● **EXERCISE BRIEF**:
Please take the lines from the one holding "by rewrite pmulr_rgt0." through the one holding "Hypothesis psi1_ge1 : 1 <= psi 1%N." in the data below and copy them exactly.

BEGIN DATA PROVIDED

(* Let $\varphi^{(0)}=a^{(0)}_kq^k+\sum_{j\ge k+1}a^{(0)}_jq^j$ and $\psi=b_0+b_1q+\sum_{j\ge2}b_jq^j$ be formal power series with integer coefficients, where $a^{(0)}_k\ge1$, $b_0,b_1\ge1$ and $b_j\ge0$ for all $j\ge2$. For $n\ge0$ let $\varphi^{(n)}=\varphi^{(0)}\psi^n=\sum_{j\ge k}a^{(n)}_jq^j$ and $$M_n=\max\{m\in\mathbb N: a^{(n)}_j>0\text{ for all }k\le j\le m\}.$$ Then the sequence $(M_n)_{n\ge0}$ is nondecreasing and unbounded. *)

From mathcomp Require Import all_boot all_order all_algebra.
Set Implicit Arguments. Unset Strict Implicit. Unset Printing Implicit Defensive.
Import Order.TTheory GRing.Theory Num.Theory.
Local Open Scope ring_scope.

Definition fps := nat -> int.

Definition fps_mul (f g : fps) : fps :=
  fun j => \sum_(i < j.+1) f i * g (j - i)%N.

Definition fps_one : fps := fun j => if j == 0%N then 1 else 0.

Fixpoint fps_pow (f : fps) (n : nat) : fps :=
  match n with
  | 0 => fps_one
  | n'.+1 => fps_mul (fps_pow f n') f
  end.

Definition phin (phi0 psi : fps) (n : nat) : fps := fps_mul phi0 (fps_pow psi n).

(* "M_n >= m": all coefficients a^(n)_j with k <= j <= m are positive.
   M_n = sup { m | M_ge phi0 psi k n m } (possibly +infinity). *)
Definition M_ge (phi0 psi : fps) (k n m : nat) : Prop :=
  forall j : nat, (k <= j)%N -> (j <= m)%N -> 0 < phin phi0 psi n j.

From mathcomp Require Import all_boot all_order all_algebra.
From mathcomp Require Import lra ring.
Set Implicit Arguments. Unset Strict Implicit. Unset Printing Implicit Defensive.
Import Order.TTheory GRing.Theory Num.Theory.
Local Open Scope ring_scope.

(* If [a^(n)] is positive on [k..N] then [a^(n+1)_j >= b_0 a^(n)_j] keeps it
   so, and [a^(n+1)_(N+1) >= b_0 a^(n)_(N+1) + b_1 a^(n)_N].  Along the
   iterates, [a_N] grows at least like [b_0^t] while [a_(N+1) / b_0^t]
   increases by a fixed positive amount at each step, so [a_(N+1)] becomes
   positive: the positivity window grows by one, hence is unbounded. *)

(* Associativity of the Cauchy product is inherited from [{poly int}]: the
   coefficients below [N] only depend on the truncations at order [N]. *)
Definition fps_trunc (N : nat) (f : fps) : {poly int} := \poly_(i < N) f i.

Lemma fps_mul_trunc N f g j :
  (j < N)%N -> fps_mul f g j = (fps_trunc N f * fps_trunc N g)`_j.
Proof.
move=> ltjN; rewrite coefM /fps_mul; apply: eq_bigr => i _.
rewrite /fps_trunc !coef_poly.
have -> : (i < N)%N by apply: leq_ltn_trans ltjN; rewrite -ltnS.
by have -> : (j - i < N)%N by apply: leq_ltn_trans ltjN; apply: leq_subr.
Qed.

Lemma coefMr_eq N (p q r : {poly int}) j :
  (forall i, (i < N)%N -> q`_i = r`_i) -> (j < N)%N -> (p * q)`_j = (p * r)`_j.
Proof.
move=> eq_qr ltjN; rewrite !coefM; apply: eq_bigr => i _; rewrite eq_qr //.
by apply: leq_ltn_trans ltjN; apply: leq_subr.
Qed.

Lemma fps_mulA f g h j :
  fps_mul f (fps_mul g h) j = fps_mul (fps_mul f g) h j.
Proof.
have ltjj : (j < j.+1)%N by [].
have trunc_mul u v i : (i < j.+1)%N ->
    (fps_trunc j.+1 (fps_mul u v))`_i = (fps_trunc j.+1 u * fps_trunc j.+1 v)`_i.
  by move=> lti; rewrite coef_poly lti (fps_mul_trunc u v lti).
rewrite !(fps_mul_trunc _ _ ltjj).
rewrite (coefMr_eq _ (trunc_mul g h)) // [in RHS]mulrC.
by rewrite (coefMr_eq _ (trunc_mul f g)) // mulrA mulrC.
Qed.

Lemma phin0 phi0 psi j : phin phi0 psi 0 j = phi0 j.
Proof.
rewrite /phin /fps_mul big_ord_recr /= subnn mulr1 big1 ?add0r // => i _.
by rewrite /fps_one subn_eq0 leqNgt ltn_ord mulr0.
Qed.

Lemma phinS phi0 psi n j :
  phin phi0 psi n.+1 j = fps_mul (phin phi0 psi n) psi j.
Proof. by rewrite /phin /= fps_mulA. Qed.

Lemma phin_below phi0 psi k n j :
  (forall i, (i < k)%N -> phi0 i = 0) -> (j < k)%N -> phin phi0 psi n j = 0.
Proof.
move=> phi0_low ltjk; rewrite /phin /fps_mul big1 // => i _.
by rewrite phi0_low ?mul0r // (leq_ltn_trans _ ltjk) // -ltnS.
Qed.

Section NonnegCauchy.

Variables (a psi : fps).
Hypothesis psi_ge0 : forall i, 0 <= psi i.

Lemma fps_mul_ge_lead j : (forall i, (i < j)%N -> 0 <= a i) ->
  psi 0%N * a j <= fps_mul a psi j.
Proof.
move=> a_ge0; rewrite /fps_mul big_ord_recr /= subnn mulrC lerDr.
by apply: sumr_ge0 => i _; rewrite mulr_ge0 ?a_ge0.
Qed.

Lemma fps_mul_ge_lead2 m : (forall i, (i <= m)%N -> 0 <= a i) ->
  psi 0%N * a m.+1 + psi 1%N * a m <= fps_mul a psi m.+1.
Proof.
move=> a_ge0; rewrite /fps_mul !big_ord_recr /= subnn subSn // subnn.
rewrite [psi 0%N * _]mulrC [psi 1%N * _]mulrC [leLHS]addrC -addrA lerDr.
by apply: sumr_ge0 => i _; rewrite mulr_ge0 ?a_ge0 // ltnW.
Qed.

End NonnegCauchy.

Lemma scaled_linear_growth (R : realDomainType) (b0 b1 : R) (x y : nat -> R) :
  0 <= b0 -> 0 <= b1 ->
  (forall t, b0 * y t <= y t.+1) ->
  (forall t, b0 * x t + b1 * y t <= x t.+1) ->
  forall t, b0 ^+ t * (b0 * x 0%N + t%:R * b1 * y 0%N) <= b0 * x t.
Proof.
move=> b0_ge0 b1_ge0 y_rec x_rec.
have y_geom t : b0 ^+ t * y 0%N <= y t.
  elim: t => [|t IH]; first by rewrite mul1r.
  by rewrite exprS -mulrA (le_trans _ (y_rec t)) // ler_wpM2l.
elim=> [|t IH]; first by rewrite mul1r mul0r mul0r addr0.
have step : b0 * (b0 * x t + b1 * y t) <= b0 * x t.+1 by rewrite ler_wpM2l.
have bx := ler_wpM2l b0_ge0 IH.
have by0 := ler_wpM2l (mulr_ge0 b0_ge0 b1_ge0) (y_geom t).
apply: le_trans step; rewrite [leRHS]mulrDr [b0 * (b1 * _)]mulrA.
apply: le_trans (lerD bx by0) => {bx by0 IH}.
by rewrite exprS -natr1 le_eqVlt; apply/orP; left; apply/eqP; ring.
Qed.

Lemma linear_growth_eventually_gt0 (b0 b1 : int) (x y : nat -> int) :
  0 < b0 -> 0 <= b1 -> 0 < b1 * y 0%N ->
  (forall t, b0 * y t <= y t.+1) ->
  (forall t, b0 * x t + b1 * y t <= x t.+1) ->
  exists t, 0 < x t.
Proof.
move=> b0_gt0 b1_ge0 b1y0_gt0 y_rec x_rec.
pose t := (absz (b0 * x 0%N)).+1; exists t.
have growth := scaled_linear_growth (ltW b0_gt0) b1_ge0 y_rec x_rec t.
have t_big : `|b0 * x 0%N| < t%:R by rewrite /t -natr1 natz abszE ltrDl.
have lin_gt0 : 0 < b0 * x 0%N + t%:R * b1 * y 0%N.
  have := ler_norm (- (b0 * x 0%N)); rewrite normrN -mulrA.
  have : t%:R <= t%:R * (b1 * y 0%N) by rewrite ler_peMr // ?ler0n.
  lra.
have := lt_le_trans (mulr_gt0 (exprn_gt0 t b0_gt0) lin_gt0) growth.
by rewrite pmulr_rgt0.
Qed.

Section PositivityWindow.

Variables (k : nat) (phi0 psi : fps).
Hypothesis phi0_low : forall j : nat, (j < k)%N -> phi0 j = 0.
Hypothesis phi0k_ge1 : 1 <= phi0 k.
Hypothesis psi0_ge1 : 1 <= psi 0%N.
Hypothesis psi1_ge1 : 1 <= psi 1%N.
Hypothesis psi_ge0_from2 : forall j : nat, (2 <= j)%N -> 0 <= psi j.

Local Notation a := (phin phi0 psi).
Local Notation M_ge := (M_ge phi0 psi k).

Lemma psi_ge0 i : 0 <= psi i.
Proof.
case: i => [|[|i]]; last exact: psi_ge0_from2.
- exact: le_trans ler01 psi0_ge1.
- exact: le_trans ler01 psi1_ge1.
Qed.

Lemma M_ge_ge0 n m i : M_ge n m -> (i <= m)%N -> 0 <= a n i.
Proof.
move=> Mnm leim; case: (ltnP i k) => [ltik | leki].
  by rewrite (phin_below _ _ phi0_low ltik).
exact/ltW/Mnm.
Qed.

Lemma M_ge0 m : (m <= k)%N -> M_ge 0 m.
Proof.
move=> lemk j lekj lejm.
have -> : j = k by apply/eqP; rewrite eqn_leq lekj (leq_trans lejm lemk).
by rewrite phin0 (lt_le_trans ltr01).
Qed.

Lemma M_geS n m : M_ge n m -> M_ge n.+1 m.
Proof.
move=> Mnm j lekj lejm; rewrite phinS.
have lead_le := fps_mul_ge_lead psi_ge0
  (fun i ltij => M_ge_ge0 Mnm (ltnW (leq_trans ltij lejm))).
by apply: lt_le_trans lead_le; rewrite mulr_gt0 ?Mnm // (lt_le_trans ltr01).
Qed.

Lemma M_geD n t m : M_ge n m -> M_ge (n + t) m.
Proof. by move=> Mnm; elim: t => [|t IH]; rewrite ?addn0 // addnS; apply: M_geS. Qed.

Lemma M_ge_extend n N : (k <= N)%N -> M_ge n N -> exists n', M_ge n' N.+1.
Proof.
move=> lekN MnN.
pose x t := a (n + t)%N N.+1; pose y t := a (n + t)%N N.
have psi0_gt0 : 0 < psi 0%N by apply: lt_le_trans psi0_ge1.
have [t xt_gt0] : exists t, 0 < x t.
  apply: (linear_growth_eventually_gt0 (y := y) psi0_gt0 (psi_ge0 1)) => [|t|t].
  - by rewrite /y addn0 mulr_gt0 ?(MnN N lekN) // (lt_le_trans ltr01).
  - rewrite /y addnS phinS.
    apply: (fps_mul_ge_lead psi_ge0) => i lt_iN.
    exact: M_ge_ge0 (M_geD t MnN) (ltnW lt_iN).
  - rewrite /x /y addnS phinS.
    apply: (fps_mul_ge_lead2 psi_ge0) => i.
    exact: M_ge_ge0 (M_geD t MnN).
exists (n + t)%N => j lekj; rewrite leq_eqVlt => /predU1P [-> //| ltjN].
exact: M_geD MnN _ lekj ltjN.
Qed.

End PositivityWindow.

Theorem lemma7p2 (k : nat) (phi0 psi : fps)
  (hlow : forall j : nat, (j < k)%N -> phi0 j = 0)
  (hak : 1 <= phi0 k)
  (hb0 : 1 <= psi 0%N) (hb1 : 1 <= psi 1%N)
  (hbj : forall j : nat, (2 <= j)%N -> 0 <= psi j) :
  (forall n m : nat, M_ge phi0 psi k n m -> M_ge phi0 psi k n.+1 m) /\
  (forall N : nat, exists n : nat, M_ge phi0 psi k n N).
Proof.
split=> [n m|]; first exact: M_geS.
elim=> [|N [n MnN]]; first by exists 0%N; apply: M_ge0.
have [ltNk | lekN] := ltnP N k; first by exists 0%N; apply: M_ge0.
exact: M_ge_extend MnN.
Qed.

END DATA PROVIDED

● **RESPONSE AREA**:
by rewrite pmulr_rgt0.
Qed.

Section PositivityWindow.

Variables (k : nat) (phi0 psi : fps).
Hypothesis phi0_low : forall j : nat, (j < k)%N -> phi0 j = 0.
Hypothesis phi0k_ge1 : 1 <= phi0 k.
Hypothesis psi0_ge1 : 1 <= psi 0%N.
Hypothesis psi1_ge1 : 1 <= psi 1%N.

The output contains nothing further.